In July 2008, Lime Village gained notoriety[citation needed] when it was reported that their gasoline prices were more than double of the already-high national average of over $4/gallon with Lime Village selling regular unleaded gasoline at $8.55/gallon. The high prices were considered ironic considering that Alaska is one of the main suppliers of oil in the United States, but have the highest state average due to scattered villages throughout Alaska such as Lime Village making it difficult to transport oil and other goods.



Lime Village is located at 61°20′29″N 155°29′27″W / 61.34139°N 155.49083°W / 61.34139; -155.49083 (61.341383, -155.490944)[1].

According to the United States Census Bureau, the CDP has a total area of 82.5 square miles (213.6 km²), of which, 80.3 square miles (207.9 km²) of it is land and 2.2 square miles (5.7 km²) of it (2.67%) is water.


As of the census[2] of 2000, there were 6 people, 5 households, and 0 families residing in the CDP. The population density was 0.1 people per square mile (0.0/km²). There were 24 housing units at an average density of 0.3/sq mi (0.1/km²). The racial makeup of the CDP was 83.33% White, and 16.67% from two or more races.

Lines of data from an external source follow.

(* Suppose no two hyperplanes of the cover are parallel, so that a hyperplane
   is determined by its set S of fixed coordinates, and that every such S has an
   element beyond C.  We choose the coordinates of an uncovered point one at a
   time, keeping below 1 a potential: the sum, over pairs (S, S') with a common
   maximum k >= m whose hyperplanes agree with the coordinates x_j, j < m,
   chosen so far, of (theta q_(k+1))^-2 times c_j = ((1 - theta) q_(j+1))^-1
   for each undecided j < k fixed in S or in S'.  The pairs with k = m
   contribute (N / (theta q_(m+1)))^2, where N counts the hyperplanes with
   maximum m still agreeing with x, so N < theta q_(m+1) and at least
   (1 - theta) q_(m+1) = 1 / c_m values of x_m avoid all of them; averaging over
   these values does not increase the rest of the potential.  Initially the
   potential is at most the tail from C of the series of
   prod_(j < k) (1 + 3 c_j) / (theta q_(k+1))^2, which converges because
   q_k >= r k with (1 - theta) r > 3 makes the product grow like k^b, b < 1. *)

From mathcomp Require Import all_boot all_order all_algebra.
From mathcomp Require Import ring lra.
From Stdlib Require Import Classical ClassicalEpsilon.
Set Implicit Arguments. Unset Strict Implicit. Unset Printing Implicit Defensive.
Import Order.TTheory GRing.Theory Num.Theory.
Local Open Scope ring_scope.

Lemma bounded_sums_small_tail (R : archiRealFieldType) (u : nat -> R) (a : nat) (B : R) :
  (forall b, \sum_(a <= i < b) u i <= B) ->
  exists C, forall n, \sum_(C <= i < n) u i < 1.
Proof.
move=> bounded; apply: NNPP => no_tail.
have block C : exists2 n, (C <= n)%N & 1 <= \sum_(C <= i < n) u i.
  apply: NNPP => no_block; apply: no_tail; exists C => n.
  rewrite ltNge; apply/negP => ge1; apply: no_block; exists n => //.
  by rewrite leqNgt; apply/negP => /ltnW nC; move: ge1; rewrite big_geq // ler10.
have grow m : exists2 b, (a <= b)%N & m%:R <= \sum_(a <= i < b) u i.
  elim: m => [|m [b ab IH]]; first by exists a; rewrite ?big_geq.
  have [b' bb' ge1] := block b.
  exists b'; first exact: leq_trans bb'.
  by rewrite (big_cat_nat ab bb') -natr1 lerD.
have B_ge0 : 0 <= B by apply: le_trans (bounded a); rewrite big_geq.
have [b _ hb] := grow (Num.bound B).
have := archi_boundP B_ge0; have := bounded b; lra.
Qed.

Lemma inv_sq_le_telescoped (R : realFieldType) (g b c s x : R) :
  0 <= g -> b < 1 -> 1 <= s -> 0 <= c -> c * (s + 1) <= b -> x <= g / (s + 1) ^+ 2 ->
  x <= g / (1 - b) * (s^-1 - (1 + c) / (s + 1)).
Proof.
move=> g0 b1 s1 c0 cb xg.
have s0 : 0 < s by lra.
have s10 : 0 < s + 1 by lra.
have -> : g / (1 - b) * (s^-1 - (1 + c) / (s + 1))
          = g / (s * (s + 1)) * ((1 - c * s) / (1 - b)).
  by field; rewrite !gt_eqF ?subr_gt0.
apply: (le_trans xg); apply: le_trans (ler_peMr _ _).
- rewrite ler_wpM2l // lef_pV2 ?posrE ?exprn_gt0 ?mulr_gt0 //; nra.
- by rewrite divr_ge0 // mulr_ge0 // ltW.
- by rewrite ler_pdivlMr ?subr_gt0 // mul1r; nra.
Qed.

Definition hit (R : realFieldType) (q : nat -> nat) (th : R) (j : nat) : R :=
  ((1 - th) * (q j.+1)%:R)^-1.

Definition growth (R : realFieldType) (q : nat -> nat) (th : R) (i : nat) : R :=
  \prod_(j < i) (1 + 3 * hit q th j).

Definition tail_term (R : realFieldType) (q : nat -> nat) (th : R) (i : nat) : R :=
  growth q th i / (th * (q i.+1)%:R) ^+ 2.

Lemma hit_ge0 (R : realFieldType) q (th : R) j : th <= 1 -> 0 <= hit q th j.
Proof. by move=> th1; rewrite /hit invr_ge0 mulr_ge0 ?subr_ge0. Qed.

Lemma growth_ge0 (R : realFieldType) q (th : R) i : th <= 1 -> 0 <= growth q th i.
Proof.
move=> th1; apply: prodr_ge0 => j _.
by rewrite addr_ge0 ?mulr_ge0 ?hit_ge0.
Qed.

There were 5 households out of which none were married couples living together, and 100.0% were non-families. 80.0% of all households were made up of individuals and none had someone living alone who was 65 years of age or older. The average household size was 1.20 and the average family size was 0.00.

In the CDP the population was spread out with 66.7% from 25 to 44, 33.3% from 45 to 64. The median age was 44 years. For every 100 females there were 200.0 males. For every 100 females age 18 and over, there were 200.0 males.


The Lime Village School closed in 2007, when the enrollment of six students failed to meet the state-mandated minimum of ten students. As of Fall 2008 the school remained closed. The lack of access to local schooling has increased urban migration, though many migrants continue to spend summers in the village.